▸ **EXERCISE OBJECTIVE**
When "Section" occurs in a line of the material, copy that line.

*** Opening of PROVIDED MATERIAL ***

(* Let $(V,F)$ be a near vector space with $(F,\circ)$ commutative. Then $(V,F)$ is regular if and only if for any $u\in Q(V)\setminus\{0\}$, $V$ is a vector space over the field $(F,+_u,\circ)$ (with scalar multiplication given by the action of $F$ on $V$); in the regular case all the operations $+_u$, $u\in Q(V)\setminus\{0\}$, coincide.
   Context: An F-group is a pair $(V,F)$ where $(V,+)$ is a group and $F$ is a set of endomorphisms of $V$ such that: the maps $0,1,-1$ lie in $F$; $F\setminus\{0\}$ is a subgroup of $\mathrm{Aut}(V,+)$ under composition; and if $\alpha x=\beta x$ with $\alpha,\beta\in F$, $x\in V$ then $\alpha=\beta$ or $x=0$. The quasi-kernel $Q(V)$ is the set of $u\in V$ such that for all $\alpha,\beta\in F$ there is $\gamma\in F$ with $\alpha u+\beta u=\gamma u$. $(V,F)$ is a near vector space if $Q(V)$ generates $(V,+)$. Commutativity means $\alpha(\beta v)=\beta(\alpha v)$ for all $\alpha,\beta\in F$, $v\in V$. For $u\in Q(V)\setminus\{0\}$, $\alpha+_u\beta$ denotes the unique $\gamma$ with $\alpha u+\beta u=\gamma u$; when $F$ is commutative, $(F,+_u,\circ)$ is a field. Elements $u,v\in Q(V)$ are compatible if there is $\lambda\in F\setminus\{0\}$ with $u+\lambda v\in Q(V)$; $V$ is regular if all elements of $Q(V)\setminus\{0\}$ are pairwise compatible. *)

From Stdlib Require Import Classical FunctionalExtensionality.
Set Implicit Arguments.

Section NVS.
Variable V : Type.
Variables (add : V -> V -> V) (zero : V) (neg : V -> V).
Variable F : (V -> V) -> Prop.

Definition is_group : Prop :=
  (forall x y z, add x (add y z) = add (add x y) z) /\
  (forall x, add zero x = x) /\ (forall x, add x zero = x) /\
  (forall x, add (neg x) x = zero) /\ (forall x, add x (neg x) = zero).

Definition is_endo (a : V -> V) : Prop := forall x y, a (add x y) = add (a x) (a y).

Definition zero_map : V -> V := fun _ => zero.
Definition id_map : V -> V := fun x => x.
Definition neg_map : V -> V := fun x => neg x.

Definition is_Fgroup : Prop :=
  is_group /\
  (forall a, F a -> is_endo a) /\
  F zero_map /\ F id_map /\ F neg_map /\
  (forall a, F a -> a <> zero_map ->
     exists b, F b /\ b <> zero_map /\ (forall x, b (a x) = x) /\ (forall x, a (b x) = x)) /\
  (forall a b, F a -> a <> zero_map -> F b -> b <> zero_map ->
     F (fun x => a (b x)) /\ (fun x => a (b x)) <> zero_map) /\
  (forall a b x, F a -> F b -> a x = b x -> a = b \/ x = zero).

Definition inQ (u : V) : Prop :=
  forall a b, F a -> F b -> exists c, F c /\ add (a u) (b u) = c u.

Inductive genQ : V -> Prop :=
  | genQ_base u : inQ u -> genQ u
  | genQ_zero : genQ zero
  | genQ_neg x : genQ x -> genQ (neg x)
  | genQ_add x y : genQ x -> genQ y -> genQ (add x y).

Definition near_vector_space : Prop := is_Fgroup /\ (forall x, genQ x).

Definition F_commutative : Prop :=
  forall a b, F a -> F b -> forall v, a (b v) = b (a v).

(* plus_u u a b c  <->  c = a +_u b, i.e. c in F and a u + b u = c u. *)
Definition plus_u (u : V) (a b c : V -> V) : Prop := F c /\ add (a u) (b u) = c u.

Definition compatible (u v : V) : Prop :=
  exists l, F l /\ l <> zero_map /\ inQ (add u (l v)).

Definition regular : Prop :=
  forall u v, inQ u -> u <> zero -> inQ v -> v <> zero -> compatible u v.

Definition vector_space_over (u : V) : Prop :=
  (forall x y, add x y = add y x) /\
  (forall a x y, F a -> a (add x y) = add (a x) (a y)) /\
  (forall a b c, F a -> F b -> plus_u u a b c -> forall x, c x = add (a x) (b x)) /\
  (forall a b x, F a -> F b -> (fun y => a (b y)) x = a (b x)) /\
  (forall x, id_map x = x).

Definition plus_ops_coincide : Prop :=
  forall u v, inQ u -> u <> zero -> inQ v -> v <> zero ->
  forall a b c, F a -> F b -> (plus_u u a b c <-> plus_u v a b c).

End NVS.

(* Let [a u + b u = c u] with [u] a nonzero element of [Q(V)].  The defect
   [D x = a x + b x - c x] is additive, commutes with [F] (this is where
   commutativity of [F] is used) and sends each [q] in [Q(V)] to some [s q]
   with [s] in [F].  If [v] is compatible with [u], say [w = u + l v] in
   [Q(V)], then [D w = l (D v)] and [D w = s w]; either [s = 0], whence
   [D v = 0], or [u] is an [F]-multiple of [v], and [D u = 0] again gives
   [D v = 0].  So in a regular space all [+_u] coincide, and as [Q(V)]
   generates [V], [a +_u b] is the pointwise sum of [a] and [b].  Conversely,
   if [+_u] is the pointwise sum, every element of [V] lies in [Q(V)], so
   [u + v] does and [V] is regular. *)

From Stdlib Require Import Classical FunctionalExtensionality.

Set Implicit Arguments.
Unset Strict Implicit.

Section Group.

Variables (V : Type) (add : V -> V -> V) (zero : V) (neg : V -> V).
Hypothesis G : is_group add zero neg.

Local Infix "+" := add.
Local Notation "- x" := (neg x).

Lemma addA x y z : x + (y + z) = (x + y) + z.
Proof. apply G. Qed.

Lemma add0l x : zero + x = x.
Proof. apply G. Qed.

Lemma add0r x : x + zero = x.
Proof. apply G. Qed.

Lemma addNl x : - x + x = zero.
Proof. apply G. Qed.

Lemma addNr x : x + - x = zero.
Proof. apply G. Qed.

Lemma addKr x y : (x + y) + - y = x.
Proof. rewrite <- addA, addNr. apply add0r. Qed.

Lemma addIl z x y : z + x = z + y -> x = y.
Proof.
  intros H. rewrite <- (add0l x), <- (add0l y), <- (addNl z), <- !addA, H.
  reflexivity.
Qed.

Lemma neg_unique x y : x + y = zero -> y = - x.
Proof. intros H. apply (addIl (z := x)). rewrite H. symmetry. apply addNr. Qed.

Lemma subr0_eq x y : x + - y = zero -> x = y.
Proof.
  intros H. rewrite <- (add0r x), <- (addNl y), addA, H. apply add0l.
Qed.

Lemma negK x : - - x = x.
Proof. symmetry. apply neg_unique, addNl. Qed.

Lemma negD x y : - (x + y) = - y + - x.
Proof.
  symmetry. apply neg_unique.
  rewrite addA, <- (addA x y), addNr, add0r. apply addNr.
Qed.

Lemma endo_zero a : is_endo add a -> a zero = zero.
Proof.
  intros Ea. apply (addIl (z := a zero)). rewrite <- Ea, !add0r. reflexivity.
Qed.

Lemma endo_neg a : is_endo add a -> forall x, a (- x) = - a x.
Proof.
  intros Ea x. apply neg_unique. rewrite <- Ea, addNr. apply endo_zero, Ea.
Qed.

Lemma addC_of_neg_endo : is_endo add (neg_map neg) -> forall x y, x + y = y + x.
Proof.
  intros En x y. rewrite <- (negK x) at 1. rewrite <- (negK y) at 1.
  unfold is_endo, neg_map in En. rewrite <- En, negD, !negK. reflexivity.
Qed.

Lemma endo_vanish_on_genQ F (D : V -> V) :
  is_endo add D -> (forall q, inQ add F q -> D q = zero) ->
  forall x, genQ add zero neg F x -> D x = zero.
Proof.
  intros ED DQ x Gx. induction Gx as [q Qq | | x _ IH | x y _ IHx _ IHy].
  - exact (DQ q Qq).
  - exact (endo_zero ED).
  - rewrite (endo_neg ED), IH. symmetry. apply neg_unique, add0l.
  - rewrite ED, IHx, IHy. apply add0r.
Qed.

End Group.

Section FGroup.

Variables (V : Type) (add : V -> V -> V) (zero : V) (neg : V -> V).
Variable F : (V -> V) -> Prop.
Hypothesis HF : is_Fgroup add zero neg F.

Local Infix "+" := add.
Local Notation "- x" := (neg x).
Local Notation "0" := (zero_map zero).

Lemma Fgroup_group : is_group add zero neg.
Proof. apply HF. Qed.

Lemma F_endo a : F a -> is_endo add a.
Proof. destruct HF as (_ & Hend & _). apply Hend. Qed.

Lemma F_zero_map : F 0.
Proof. destruct HF as (_ & _ & H0 & _). exact H0. Qed.

Lemma F_id_map : F (@id_map V).
Proof. destruct HF as (_ & _ & _ & H1 & _). exact H1. Qed.

Lemma F_neg_map : F (neg_map neg).
Proof. destruct HF as (_ & _ & _ & _ & Hn & _). exact Hn. Qed.

Lemma F_inverse a : F a -> a <> 0 ->
  exists b, F b /\ b <> 0 /\ (forall x, b (a x) = x).
Proof.
  intros Fa a0. destruct HF as (_ & _ & _ & _ & _ & Hinv & _).
  destruct (Hinv a Fa a0) as (b & Fb & b0 & Hb & _). eauto.
Qed.

Lemma F_comp a b : F a -> a <> 0 -> F b -> b <> 0 ->
  F (fun x => a (b x)) /\ (fun x => a (b x)) <> 0.
Proof. destruct HF as (_ & _ & _ & _ & _ & _ & Hcomp & _). apply Hcomp. Qed.

Lemma F_zero a : F a -> a zero = zero.
Proof. intros Fa. exact (endo_zero Fgroup_group (F_endo Fa)). Qed.

Lemma F_neg a x : F a -> a (- x) = - a x.
Proof. intros Fa. exact (endo_neg Fgroup_group (F_endo Fa) x). Qed.

Lemma Fgroup_addC x y : x + y = y + x.
Proof. exact (addC_of_neg_endo Fgroup_group (F_endo F_neg_map) x y). Qed.

Lemma Fgroup_addACA x y z t : (x + y) + (z + t) = (x + z) + (y + t).
Proof.
  pose proof Fgroup_group as G.
  rewrite <- !(addA G). f_equal. rewrite !(addA G). f_equal. apply Fgroup_addC.
Qed.

Lemma F_negN a : F a -> F (fun x => - a x).
Proof.
  intros Fa. destruct (classic (a = 0)) as [-> | a0].
  - replace (fun x => - 0 x) with 0; [exact F_zero_map |].
    apply functional_extensionality. intros x. symmetry. exact (F_zero F_neg_map).
  - destruct (classic (neg_map neg = 0)) as [n0 | n0].
    + replace (fun x => - a x) with 0; [exact F_zero_map |].
      apply functional_extensionality. intros x. exact (eq_sym (equal_f n0 (a x))).
    + exact (proj1 (F_comp F_neg_map n0 Fa a0)).
Qed.

Lemma inQ_sub v a b : inQ add F v -> F a -> F b ->
  exists c, F c /\ a v + - b v = c v.
Proof. intros Qv Fa Fb. exact (Qv a _ Fa (F_negN Fb)). Qed.

Lemma F_eq0 l : F l -> l <> 0 -> forall x, l x = zero -> x = zero.
Proof.
  intros Fl l0 x Hx. destruct (F_inverse Fl l0) as (b & Fb & _ & Hb).
  rewrite <- (Hb x), Hx. apply (F_zero Fb).
Qed.

Hypothesis Hcomm : F_commutative F.

Section Defect.

Variable D : V -> V.
Hypothesis D_endo : is_endo add D.
Hypothesis D_F : forall m x, F m -> D (m x) = m (D x).
Hypothesis D_Q : forall q, inQ add F q -> exists f, F f /\ D q = f q.

Lemma equivariant_endo_vanish_compatible u v :
  inQ add F v -> u <> zero -> compatible add zero F u v -> D u = zero -> D v = zero.
Proof.
  pose proof Fgroup_group as G.
  intros Qv u0 (l & Fl & l0 & Qw) Du.
  set (w := u + l v) in *.
  destruct (D_Q Qw) as (s & Fs & Dsw).
  assert (Dlw : D w = l (D v)).
  { unfold w. rewrite D_endo, Du, D_F by exact Fl. apply (add0l G). }
  destruct (classic (s = 0)) as [-> | s0].
  { apply (F_eq0 Fl l0). rewrite <- Dlw, Dsw. reflexivity. }
  destruct (D_Q Qv) as (r & Fr & Drv).
  destruct (inQ_sub Qv Fr Fs) as (t & Ft & Ht).
  (* [s w = l (r v)] and [s w = s u + l (s v)], so [s u = l (r v - s v)]. *)
  assert (Hsu : s u = l (t v)).
  { rewrite <- Ht, (F_endo Fl), (F_neg _ Fl), <- Drv, <- Dlw, Dsw.
    unfold w. rewrite (F_endo Fs), (Hcomm Fs Fl). symmetry. apply (addKr G). }
  destruct (F_inverse Fs s0) as (s' & Fs' & s'0 & Hs').
  assert (Hu : u = s' (l (t v))) by (rewrite <- Hsu; symmetry; apply Hs').
  destruct (classic (t = 0)) as [-> | t0].
  { contradict u0. rewrite Hu. unfold zero_map. rewrite (F_zero Fl). apply (F_zero Fs'). }
  destruct (F_comp Fl l0 Ft t0) as [Flt lt0].
  destruct (F_comp Fs' s'0 Flt lt0) as [Fm m0].
  apply (F_eq0 Fm m0). rewrite <- (D_F v Fm), <- Hu. exact Du.
Qed.

End Defect.

Definition defect (a b c : V -> V) (x : V) : V := a x + b x + - c x.

Section DefectOfSum.

Variables a b c : V -> V.
Hypotheses (Fa : F a) (Fb : F b) (Fc : F c).

Lemma defect_endo : is_endo add (defect a b c).
Proof.
  intros x y. unfold defect.
  rewrite (F_endo Fa), (F_endo Fb), (F_endo Fc), (negD Fgroup_group).
  rewrite (Fgroup_addC (- c y)), (Fgroup_addACA (a x)). apply Fgroup_addACA.
Qed.

Lemma defect_F m x : F m -> defect a b c (m x) = m (defect a b c x).
Proof.
  intros Fm. unfold defect.
  rewrite (F_endo Fm), (F_endo Fm), (F_neg _ Fm), (Hcomm Fa Fm), (Hcomm Fb Fm),
    (Hcomm Fc Fm).
  reflexivity.
Qed.

Lemma defect_inQ q : inQ add F q -> exists f, F f /\ defect a b c q = f q.
Proof.
  intros Qq. destruct (Qq a b Fa Fb) as (e & Fe & He).
  unfold defect. rewrite He. exact (inQ_sub Qq Fe Fc).
Qed.

Lemma plus_u_compatible u v : inQ add F v -> u <> zero -> compatible add zero F u v ->
  plus_u add F u a b c -> plus_u add F v a b c.
Proof.
  intros Qv u0 Cuv [_ Hu]. split; [exact Fc |].
  apply (subr0_eq Fgroup_group).
  apply (equivariant_endo_vanish_compatible defect_endo defect_F defect_inQ Qv u0 Cuv).
  unfold defect. rewrite Hu. apply (addNr Fgroup_group).
Qed.

End DefectOfSum.

Lemma regular_plus_u_pointwise u a b c :
  (forall x, genQ add zero neg F x) -> regular add zero F ->
  inQ add F u -> u <> zero -> F a -> F b -> plus_u add F u a b c ->
  forall x, c x = a x + b x.
Proof.
  intros Hgen Reg Qu u0 Fa Fb Huc x. pose proof (proj1 Huc) as Fc.
  symmetry. apply (subr0_eq Fgroup_group).
  refine (endo_vanish_on_genQ Fgroup_group (defect_endo Fa Fb Fc) _ (Hgen x)).
  intros q Qq. destruct (classic (q = zero)) as [-> | q0].
  - exact (endo_zero Fgroup_group (defect_endo Fa Fb Fc)).
  - destruct (plus_u_compatible Fa Fb Fc Qq u0 (Reg u q Qu u0 Qq q0) Huc) as [_ Hq].
    unfold defect. rewrite Hq. apply (addNr Fgroup_group).
Qed.

End FGroup.

Lemma vector_space_over_inQ V (add : V -> V -> V) F u :
  vector_space_over add F u -> inQ add F u -> forall x, inQ add F x.
Proof.
  intros (_ & _ & Hsum & _) Qu x a b Fa Fb.
  destruct (Qu a b Fa Fb) as (c & Fc & Hc).
  exists c. split; [exact Fc |]. symmetry. exact (Hsum a b c Fa Fb (conj Fc Hc) x).
Qed.

Lemma regular_of_vector_space V (add : V -> V -> V) zero neg F :
  is_Fgroup add zero neg F ->
  (forall u, inQ add F u -> u <> zero -> vector_space_over add F u) ->
  regular add zero F.
Proof.
  intros HF Hvs u v Qu u0 _ _.
  exists (@id_map V). split; [exact (F_id_map HF) | split].
  - intros Hid. apply u0. exact (equal_f Hid u).
  - exact (vector_space_over_inQ (Hvs u Qu u0) Qu _).
Qed.

Theorem mainTheorem3 (V : Type) (add : V -> V -> V) (zero : V) (neg : V -> V)
  (F : (V -> V) -> Prop) :
  near_vector_space add zero neg F ->
  F_commutative F ->
  (regular add zero F <->
     (forall u, inQ add F u -> u <> zero -> vector_space_over add F u)) /\
  (regular add zero F -> plus_ops_coincide add zero F).
Proof.
  intros [HF Hgen] Hcomm. split; [split |].
  - intros Reg u Qu u0. repeat split.
    + exact (Fgroup_addC HF).
    + intros a x y Fa. exact (F_endo HF Fa x y).
    + intros a b c Fa Fb. exact (regular_plus_u_pointwise HF Hcomm Hgen Reg Qu u0 Fa Fb).
  - exact (regular_of_vector_space HF).
  - intros Reg u v Qu u0 Qv v0 a b c Fa Fb.
    split; intros Huc; pose proof (proj1 Huc) as Fc.
    + exact (plus_u_compatible HF Hcomm Fa Fb Fc Qv u0 (Reg u v Qu u0 Qv v0) Huc).
    + exact (plus_u_compatible HF Hcomm Fa Fb Fc Qu v0 (Reg v u Qv v0 Qu u0) Huc).
Qed.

*** Close of PROVIDED MATERIAL ***

▸ **ANSWER TO THE PROBLEM**
Section NVS.
Section Group.
Section FGroup.
Section Defect.
Section DefectOfSum.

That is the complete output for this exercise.